Step 1: Load the package ‘Luminescence’
Simple, but indispensable, our first step is loading the R package
’Luminescence'
:
library(Luminescence)
Step 2: Load and select your data
Without data, no data analysis. We now import the measurement data into
R by calling the function read_BIN2R()
. The function
file.choose()
opens an external window to allow are very convenient
file selection. The argument fastForward
makes sure that the data are
directly available in the format we want to have them.
file <- file.choose()
temp <- read_BIN2R(file, fastForward = TRUE)

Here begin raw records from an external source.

Lemma U1_maps_I (f : R -> R) (x : R) : U1 f -> inI x -> inI (f x).
Proof.
  intros [[Cl [Cr _]] [Hm1 [Hp1 [[l1 [Hl1 L1]] [[l2 [Hl2 L2]] H0]]]]] Hx. unfold inI in *.
  destruct (Rle_dec x 0).
  - assert (Px : inP (-1) 0 x) by (unfold inP; lra).
    destruct (C1_on_mvt (-1) 0 f (-1) x ltac:(lra) Cl ltac:(unfold inP; lra) Px ltac:(lra))
      as [c [Pc Ec]].
    destruct (C1_on_mvt (-1) 0 f x 0 ltac:(lra) Cl Px ltac:(unfold inP; lra) ltac:(lra))
      as [c' [Pc' Ec']].
    pose proof (L1 c Pc). pose proof (L1 c' Pc'). nra.
  - assert (Px : inP 0 1 x) by (unfold inP; lra).
    destruct (C1_on_mvt 0 1 f x 1 ltac:(lra) Cr Px ltac:(unfold inP; lra) ltac:(lra))
      as [c [Pc Ec]].
    destruct (C1_on_mvt 0 1 f 0 x ltac:(lra) Cr ltac:(unfold inP; lra) Px ltac:(lra))
      as [c' [Pc' Ec']].
    pose proof (L2 c Pc). pose proof (L2 c' Pc'). nra.
Qed.

Lemma iter_in_I (f : R -> R) (n : nat) (x : R) : U1 f -> inI x -> inI (iter f n x).
Proof. intros Uf Hx. induction n as [|n IH]; [exact Hx | simpl; now apply U1_maps_I]. Qed.

Lemma iter_succ (f : R -> R) (n : nat) (x : R) : iter f n (f x) = iter f (S n) x.
Proof. induction n as [|n IH]; [reflexivity | simpl; now rewrite IH]. Qed.

Lemma U1_cont_on_I (f : R -> R) : U1 f -> cont_on (-1) 1 f.
Proof.
  intros [[[Cl _] [[Cr _] _]] _]. apply (cont_on_glue (-1) 0 1); [lra | exact Cl | exact Cr].
Qed.

Lemma U1_Df_cont (f : R -> R) (b : R) : U1 f -> inI b -> b <> 0 ->
  filterlim (Df f) (within inI (locally b)) (locally (Df f b)).
Proof.
  intros [[Cl [Cr _]] _] Hb Hb0. unfold inI in Hb. destruct (Rlt_dec b 0).
  - apply (filterlim_within_local (inP (-1) 0) _ (pderiv (-1) 0 f) _ b (- b)); [lra| |exact Hb|].
    + intros y Hy Hyb. apply Rabs_def2 in Hyb. unfold inI in Hy.
      assert (Py : inP (-1) 0 y) by (unfold inP; lra). split; [exact Py | now apply Df_left].
    + apply (C1_on_pderiv_cont (-1) 0 f); [lra | exact Cl | unfold inP; lra].
  - apply (filterlim_within_local (inP 0 1) _ (pderiv 0 1 f) _ b b); [lra| |exact Hb|].
    + intros y Hy Hyb. apply Rabs_def2 in Hyb. unfold inI in Hy.
      split; [unfold inP; lra | apply Df_right; lra].
    + apply (C1_on_pderiv_cont 0 1 f); [lra | exact Cr | unfold inP; lra].
Qed.

Lemma U1_close (f f0 : R -> R) (d x : R) : U1 f -> U1 f0 ->
  norm1 (fun x => f x - f0 x) < d -> inI x ->
  Rabs (f x - f0 x) < d /\ Rabs (Df f x - Df f0 x) < d.
Proof.
  intros [[Cl [Cr _]] _] [[Cl0 [Cr0 _]] _] Hn Hx. unfold norm1 in Hn. unfold inI in Hx.
  destruct (Rle_dec x 0).
  - rewrite !Df_left by (unfold inP; lra).
    apply C1_on_close; [lra | exact Cl | exact Cl0 | | unfold inP; lra].
    eapply Rle_lt_trans; [apply Rmax_l | exact Hn].
  - rewrite !Df_right by lra.
    apply C1_on_close; [lra | exact Cr | exact Cr0 | | unfold inP; lra].
    eapply Rle_lt_trans; [apply Rmax_r | exact Hn].
Qed.

Definition expanding (lam : R) (f : R -> R) : Prop :=
  forall x, inI x -> lam <= Rabs (Df f x).

Lemma U1_expanding (f : R -> R) : U1 f -> exists lam, 1 < lam /\ expanding lam f.
Proof.
  intros [_ [_ [_ [[l1 [Hl1 L1]] [[l2 [Hl2 L2]] _]]]]].
  exists (Rmin l1 (- l2)). split; [apply Rmin_glb_lt; lra|].
  pose proof (Rmin_l l1 (- l2)). pose proof (Rmin_r l1 (- l2)).
  intros x Hx. unfold inI in Hx. destruct (Rle_dec x 0).
  - rewrite Df_left by (unfold inP; lra). specialize (L1 x ltac:(unfold inP; lra)).
    rewrite Rabs_pos_eq; lra.
  - rewrite Df_right by lra. specialize (L2 x ltac:(unfold inP; lra)).
    rewrite Rabs_left; lra.
Qed.

Lemma expanding_Dfn (f : R -> R) (lam y : R) (n : nat) : U1 f -> 0 <= lam -> expanding lam f ->
  inI y -> lam ^ n <= Rabs (Dfn f n y).
Proof.
  intros Uf Hlam Hexp Hy. induction n as [|n IH]; simpl.
  - rewrite Rabs_R1. lra.
  - rewrite Rabs_mult. rewrite Rmult_comm.
    apply Rmult_le_compat; [apply pow_le; lra | lra | exact IH |].
    apply Hexp, iter_in_I; assumption.
Qed.

Lemma expanding_Dfn_ge1 (f : R -> R) (lam : R) (n : nat) : U1 f -> 1 <= lam -> expanding lam f ->
  1 <= Rabs (Dfn f n (f 0)).
Proof.
  intros Uf Hlam Hexp. eapply Rle_trans; [apply (pow_R1_Rle lam n Hlam)|].
  apply expanding_Dfn; [exact Uf | lra | exact Hexp |].
  apply U1_maps_I; [exact Uf | unfold inI; lra].
Qed.

Lemma Jterm_abs_le (f v : R -> R) (lam C : R) (i : nat) : U1 f -> 1 <= lam -> expanding lam f ->
  (forall x, inI x -> Rabs (v x) <= C) -> Rabs (Jterm f v i) <= C * (/ lam) ^ i.
Proof.
  intros Uf Hlam Hexp Hv.
  assert (I0 : inI 0) by (unfold inI; lra).
  assert (HD := expanding_Dfn f lam (f 0) i Uf ltac:(lra) Hexp (U1_maps_I f 0 Uf I0)).
  assert (Hpow : 0 < lam ^ i) by (apply pow_lt; lra).
  unfold Jterm, Rdiv. rewrite Rabs_mult, Rabs_inv, pow_inv.
  apply Rmult_le_compat; [apply Rabs_pos | left; apply Rinv_0_lt_compat; lra | |].
  - apply Hv, iter_in_I; assumption.
  - now apply Rinv_le_contravar.
Qed.

Section GeometricTail.

Variables (a : nat -> R) (C mu : R).
Hypotheses (Hmu : 0 <= mu < 1) (Ha : forall i, Rabs (a i) <= C * mu ^ i).

Lemma sum_n_tail_le (n m : nat) : (n <= m)%nat ->
  Rabs (sum_n a m - sum_n a n) <= C * mu ^ S n / (1 - mu).
Proof.
  assert (HC : 0 <= C).
  { specialize (Ha 0%nat). rewrite pow_O, Rmult_1_r in Ha. pose proof (Rabs_pos (a 0%nat)). lra. }
  assert (Hk : forall k, Rabs (sum_n a (n + k) - sum_n a n) <=
                         C * (mu ^ S n - mu ^ S (n + k)) / (1 - mu)).
  { induction k as [|k IH].
    - rewrite Nat.add_0_r, !Rminus_eq_0, Rabs_R0. unfold Rdiv. lra.
    - rewrite Nat.add_succ_r, sum_Sn. change (plus ?x ?y) with (x + y).
      replace (sum_n a (n + k) + a (S (n + k)) - sum_n a n)
        with ((sum_n a (n + k) - sum_n a n) + a (S (n + k))) by ring.
      eapply Rle_trans; [apply Rabs_triang|].
      eapply Rle_trans; [apply Rplus_le_compat; [exact IH | apply Ha]|].
      right. simpl. field. lra. }
  intros Hnm. replace m with (n + (m - n))%nat by lia.
  eapply Rle_trans; [apply Hk|]. unfold Rdiv. apply Rmult_le_compat_r.
  - left. apply Rinv_0_lt_compat. lra.
  - assert (0 <= mu ^ S (n + (m - n))) by (apply pow_le; lra). nra.
Qed.

Lemma Series_tail_le (n : nat) : Rabs (Series a - sum_n a n) <= C * mu ^ S n / (1 - mu).
Proof.
  assert (Hex : ex_series a).
  { apply (@ex_series_le R_AbsRing R_CompleteNormedModule a (fun i => C * mu ^ i)); [exact Ha|].
    apply (ex_series_scal_l C (fun i => mu ^ i)), ex_series_geom. rewrite Rabs_pos_eq; lra. }
  assert (Hlim : is_lim_seq (fun m => Rabs (sum_n a m - sum_n a n)) (Rabs (Series a - sum_n a n))).
  { apply (is_lim_seq_abs _ (Series a - sum_n a n)), is_lim_seq_minus'.
    - apply Series_correct, Hex.
    - apply is_lim_seq_const. }
  refine (is_lim_seq_le_loc _ (fun _ => C * mu ^ S n / (1 - mu)) _ _ _ Hlim (is_lim_seq_const _)).
  exists n. intros m Hm. now apply sum_n_tail_le.
Qed.

End GeometricTail.

Lemma prime_period_exists (f : R -> R) : c_periodic f -> exists p, prime_period f p.
Proof.
  intros [n [Hn E]]. revert Hn E.
  induction n as [n IH] using (well_founded_induction Wf_nat.lt_wf). intros Hn E.
  destruct (classic (exists q, (1 <= q < n)%nat /\ iter f q 0 = 0)) as [[q [Hq Eq]]|Hno].
  - apply (IH q); [lia | lia | exact Eq].
  - exists n. split; [exact Hn|]. split; [exact E|]. intros q Hq Eq. apply Hno. now exists q.
Qed.

Lemma J_minus_sum_n_le (f v : R -> R) (lam C : R) (n : nat) :
  U1 f -> 1 < lam -> expanding lam f -> (forall x, inI x -> Rabs (v x) <= C) ->
  (forall q, (1 <= q <= n)%nat -> iter f q 0 <> 0) ->
  Rabs (J f v - sum_n (Jterm f v) n) <= C * (/ lam) ^ S n / (1 - / lam).
Proof.
  intros Uf Hlam Hexp Hv Hq.
  assert (Hmu : 0 <= / lam < 1).
  { split; [left; apply Rinv_0_lt_compat; lra|].
    rewrite <- Rinv_1. apply Rinv_lt_contravar; lra. }
  assert (Ha := fun i => Jterm_abs_le f v lam C i Uf ltac:(lra) Hexp Hv).
  unfold J. destruct (excluded_middle_informative (c_periodic f)) as [Hper|_].
  - cbv zeta. set (p := epsilon (inhabits 0%nat) (prime_period f)).
    assert (Hp : prime_period f p) by (apply epsilon_spec, prime_period_exists, Hper).
    destruct Hp as [Hp1 [Hp0 _]].
    assert (Hnp : (n < p)%nat).
    { destruct (Nat.lt_ge_cases n p) as [Hlt|Hge]; [exact Hlt|].
      exfalso. apply (Hq p); [lia | exact Hp0]. }
    apply (sum_n_tail_le _ C (/ lam)); [exact Hmu | exact Ha | lia].
  - now apply Series_tail_le.
Qed.

(* Neighbourhoods of f0 in U^1 for |.|_1: both conclusions of the theorem are [near_U1 f0 _]. *)
Definition near_U1 (f0 : R -> R) (P : (R -> R) -> Prop) : Prop :=
  exists d, d > 0 /\ forall f, U1 f -> norm1 (fun x => f x - f0 x) < d -> P f.

Global Instance near_U1_filter (f0 : R -> R) : Filter (near_U1 f0).
Proof.
  constructor.
  - exists 1. split; [lra | auto].
  - intros P Q [d1 [Hd1 HP]] [d2 [Hd2 HQ]]. exists (Rmin d1 d2).
    split; [apply Rmin_glb_lt; lra|]. intros f Uf Hf.
    pose proof (Rmin_l d1 d2). pose proof (Rmin_r d1 d2).
    split; [apply HP | apply HQ]; auto; lra.
  - intros P Q HPQ [d [Hd HP]]. exists d. split; auto.
Qed.

Lemma near_U1_U1 (f0 : R -> R) : near_U1 f0 U1.
Proof. exists 1. split; auto; lra. Qed.

Lemma near_U1_iter_in_I (f0 : R -> R) (i : nat) : near_U1 f0 (fun f => inI (iter f i 0)).
Proof. exists 1. split; [lra|]. intros f Uf _. apply iter_in_I; [exact Uf | unfold inI; lra]. Qed.

Lemma Rabs_sum_n_minus_le (a b w : nat -> R) (n : nat) :
  (forall i, (i <= n)%nat -> Rabs (a i - b i) <= w i) ->
  Rabs (sum_n a n - sum_n b n) <= sum_n w n.
Proof.
  intros H. induction n as [|n IH].
  - rewrite !sum_O. apply H. lia.
  - rewrite !sum_Sn. change (Rabs ((sum_n a n + a (S n)) - (sum_n b n + b (S n))) <=
                             sum_n w n + w (S n)).
    replace ((sum_n a n + a (S n)) - (sum_n b n + b (S n)))
      with ((sum_n a n - sum_n b n) + (a (S n) - b (S n))) by ring.
    eapply Rle_trans; [apply Rabs_triang|].
    apply Rplus_le_compat; [apply IH; intros i Hi; apply H; lia | apply H; lia].
Qed.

Not every data set is instantly ready to be analysed, e.g., the data set may contain additional information, which are not needed for the analysis. This is the case for our test data set. As written in Fuchs et al. (2015), only the first 20 aliquots follow the common SAR procedure, i.e. a consecutive sequence of irradiation, heating, OSL (\(L_x\)), irradiation, heating and OSL (\(T_x\)). Therefore, we have to limit our data set to the first 20 aliquots:
temp.sel <- temp[1:20]
Note: Further limitations can be applied by using the function
get_RLum()
. Type ?get_RLum
in your R console to get further
information.
Step 3: Run the SAR analysis
Now the data are ready and can be analysed calling the function
analyse_SAR.CWOSL
:
results <- analyse_SAR.CWOSL(
object = temp.sel,
signal.integral.min = 1,
signal.integral.max = 5,
background.integral.min = 200,
background.integral.max = 250,
fit.method = "EXP",
rejection.criteria = list(
recycling.ratio = 10,
recuperation.rate = 10,
testdose.error = 10,
palaeodose.error = 20,
exceed.max.regpoint = TRUE),
plot_onePage = TRUE
)

Figure 1: Example output for one aliquot.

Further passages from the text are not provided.